Desde o início de sua gestão, Zago tem tentado enganar a comunidade universitária se apresentando supostamente como um reitor do diálogo. No entanto, isso cada vez mais se demonstra uma mentira sem tamanho. Durante todo o período da greve, e apesar das reivindicações de diversas congregações de unidade, o reitor se negou a negociar com os funcionários, professores e estudantes para buscar soluções que atendessem às demandas apresentadas pelas três categorias. Foi o único, dentre os reitores das três universidades públicas paulistas em greve, que se ausentou de todas as reuniões após a reabertura das “negociações” em junho. E agora, diante do impasse que ele mesmo criou, assim como Rodas e Alckmin sempre fizeram, está tratando os problemas e as reivindicações legítimas das categorias como caso de polícia. A máscara deste reitor caiu!
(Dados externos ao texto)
Lemma sum_lehmer_weight (R : nzRingType) (theta : R) n k j (i : 'I_n) :
  \sum_(x : 'I_n | lehmer_bound i x) lehmer_weight theta k j i x = W_factor theta k j i.
Proof.
rewrite (eq_bigl (fun x : 'I_n => (x < i.+1)%N)) // (big_ord_narrow (ltn_ord i)) /=.
rewrite /W_factor /lehmer_weight; case: ltnP => [lt_ik | le_ki] /=.
  by apply: eq_bigr => x _; rewrite mulr1.
rewrite big_ord_recl /= expr0 mul1r; case: (i == j :> nat) => /=.
  by rewrite big1 ?addr0 // => x _; rewrite mulr0.
rewrite add0r /qint big_distrr /=.
by apply: eq_bigr => x _; rewrite mulr1 exprS.
Qed.

Lemma W_sum_prod (R : comNzRingType) (theta : R) n k :
  W theta n k = \sum_(j : 'I_n | (k <= j)%N) \prod_(i : 'I_n) W_factor theta k j i.
Proof.
have weight_code s j : theta ^+ Defs.inv s * (zero_only_at k j (lehmer_code s))%:R =
    \prod_(i : 'I_n) lehmer_weight theta k j i (lehmer_code s i).
  rewrite big_split /= prodrXr prodr_nat_bool inv_lehmer.
  by congr (_ ^+ _ * _); apply: eq_bigr => i _; rewrite ffunE.
rewrite /W big_mkcond /=.
under eq_bigr => s _ do rewrite -mulrb -mulr_natr winnable_indicator big_distrr /=.
rewrite exchange_big /=; apply: eq_bigr => j _.
under eq_bigr do rewrite weight_code.
rewrite (sum_perm_lehmer (fun f => \prod_(i : 'I_n) lehmer_weight theta k j i (f i))).
rewrite -(bigA_distr_big_dep _ (fun i x : 'I_n => lehmer_weight theta k j i x)).
by apply: eq_bigr => i _; apply: sum_lehmer_weight.
Qed.

Lemma qint_gt0 (R : numDomainType) (theta : R) m :
  0 < theta -> (0 < m)%N -> 0 < qint theta m.
Proof.
move=> theta_gt0; case: m => // m _; rewrite /qint big_ord_recl expr0 ltr_pwDl //.
by apply: sumr_ge0 => i _; rewrite exprn_ge0 // ltW.
Qed.

Lemma prod_W_factor_mul (R : comNzRingType) (theta : R) N k (j : 'I_N) :
  (0 < k)%N -> (k <= j)%N ->
  (\prod_(i < N) W_factor theta k j i) * (theta * qint theta j) =
  theta ^+ (N - k) * qint theta k * qfact theta (N - 1).
Proof.
move=> k_gt0 le_kj; have le_kN : (k <= N)%N by apply: leq_trans le_kj (ltnW (ltn_ord j)).
pose G i := if (i < k)%N then qint theta i.+1 else theta * qint theta i.
have prod_G : (\prod_(i < N) W_factor theta k j i) * (theta * qint theta j) =
    \prod_(i < N) G i.
  rewrite (bigD1 j) //= [RHS](bigD1 j) //= {1}/W_factor /G !ltnNge le_kj eqxx mul1r mulrC.
  congr (_ * _); apply: eq_bigr => i neq_ij; rewrite /W_factor; case: ltnP => // _.
  by case: eqP => // /val_inj eq_ij; rewrite eq_ij eqxx in neq_ij.
rewrite prod_G -(big_mkord xpredT G) (big_cat_nat (leq0n k) le_kN) /=.
rewrite (eq_big_nat _ _ (m := 0) (n := k) (F2 := fun i => qint theta i.+1)); last first.
  by move=> i /andP[_ lt_ik]; rewrite /G lt_ik.
rewrite (eq_big_nat _ _ (m := k) (n := N) (F2 := fun i => theta * qint theta i)); last first.
  by move=> i /andP[le_ki _]; rewrite /G ltnNge le_ki.
have fact_k :
    \prod_(0 <= i < k) qint theta i.+1 = (\prod_(1 <= i < k) qint theta i) * qint theta k.
  by rewrite -big_nat_recr // big_add1.
have fact_N : qfact theta (N - 1) =
    (\prod_(1 <= i < k) qint theta i) * \prod_(k <= i < N) qint theta i.
  by rewrite /qfact subn1 prednK ?(big_cat_nat k_gt0 le_kN) // (leq_trans k_gt0 le_kN).
by rewrite big_split /= prodr_const_nat fact_k fact_N; ring.
Qed.

Lemma prod_W_factor (F : fieldType) (theta : F) N k (j : 'I_N) :
  (0 < k)%N -> (k <= j)%N -> theta != 0 -> qint theta j != 0 ->
  \prod_(i < N) W_factor theta k j i =
  theta ^+ (N - k - 1) * qfact theta (N - 1) * (qint theta k / qint theta j).
Proof.
move=> k_gt0 le_kj theta_neq0 qj_neq0.
apply: (mulIf (mulf_neq0 theta_neq0 qj_neq0)); rewrite prod_W_factor_mul //.
have -> : (N - k = (N - k - 1).+1)%N by rewrite subn1 prednK // subn_gt0 (leq_ltn_trans le_kj).
by rewrite subSS subn0 exprS; move: (theta ^+ _) => x; field.
Qed.

Lemma W_zero (R : comNzRingType) (theta : R) N : W theta N.+1 0 = theta ^+ N * qfact theta N.
Proof.
rewrite W_sum_prod (bigD1 ord0) //= [X in _ + X]big1 => [|j neq_j0]; last first.
  have /negbTE j_neq0 : (j != 0 :> nat) := neq_j0.
  by rewrite big_ord_recl /W_factor /= eq_sym j_neq0 /qint big_ord0 mulr0 mul0r.
rewrite addr0 big_ord_recl /W_factor /= mul1r big_split /= prodr_const card_ord.
by rewrite /qfact big_add1 /= big_mkord.
Qed.

Unset Implicit Arguments.

Theorem corollary6p4 (R : realFieldType) (theta : R) (htheta : 0 < theta) :
  (forall N : nat, (1 <= N)%N ->
     W theta N 0 = theta ^+ (N - 1) * qfact theta (N - 1)) /\
  (forall N k : nat, (2 <= N)%N -> (1 <= k <= N - 1)%N ->
     W theta N k =
       theta ^+ (N - k - 1) * qfact theta (N - 1) *
       \sum_(k <= i < N) (qint theta k / qint theta i)).
Proof.
split=> [[|N] // _ | N k _ /andP[k_gt0 _]]; first by rewrite W_zero subn1.
rewrite W_sum_prod big_distrr /= big_geq_mkord; apply: eq_bigr => j le_kj.
rewrite prod_W_factor ?gt_eqF // qint_gt0 //.
exact: leq_trans k_gt0 le_kj.
Qed.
Começamos a semana com uma carta de Zago que ignorava a greve, dizendo que a universidade estava em pleno funcionamento e que as aulas retornariam normalmente. Era claro que o reitor apostava na desmobilização dos estudantes. Ora, esta segunda-feira demonstrou que o reitor está muito enganado: as dezenas de atividades com participação de milhares de estudantes, professores e trabalhadores por toda a USP comprovaram que os estudantes estão lado a lado daqueles que constroem a universidade cotidianamente, apoiando suas reivindicações – que também são nossas, uma vez que a precarização das condições de trabalho na universidade atingem igualmente nossas condições de estudo. Nossa resposta à postura de Zago virá na mobilização pela defesa de uma universidade verdadeiramente pública, gratuita e de qualidade!

O DCE-Livre da USP convida a todos para que se somem ao calendário de mobilização. Não aceitaremos que a universidade seja cada vez mais precarizada e que uma greve legítima seja tratada como caso de polícia! Confira e participe das atividades!

 

07/08 – Quinta-FEIRA, 18H, ASSEMBLÉIA GERAL

DOS ESTUDANTES NO VÃO DA HISTORIA E

GEOGRAFIA

 

13/8 – Quarta-FEIRA, 18H, ATO PÚBLICO EM DEFESA DA UNIVERSIDADE PÚBLICA. Greve não é caso de polícia!

 

14/08 – Ato unificado das universidades estaduais paulistas em defesa da educação pública, gratuita e de qualidade!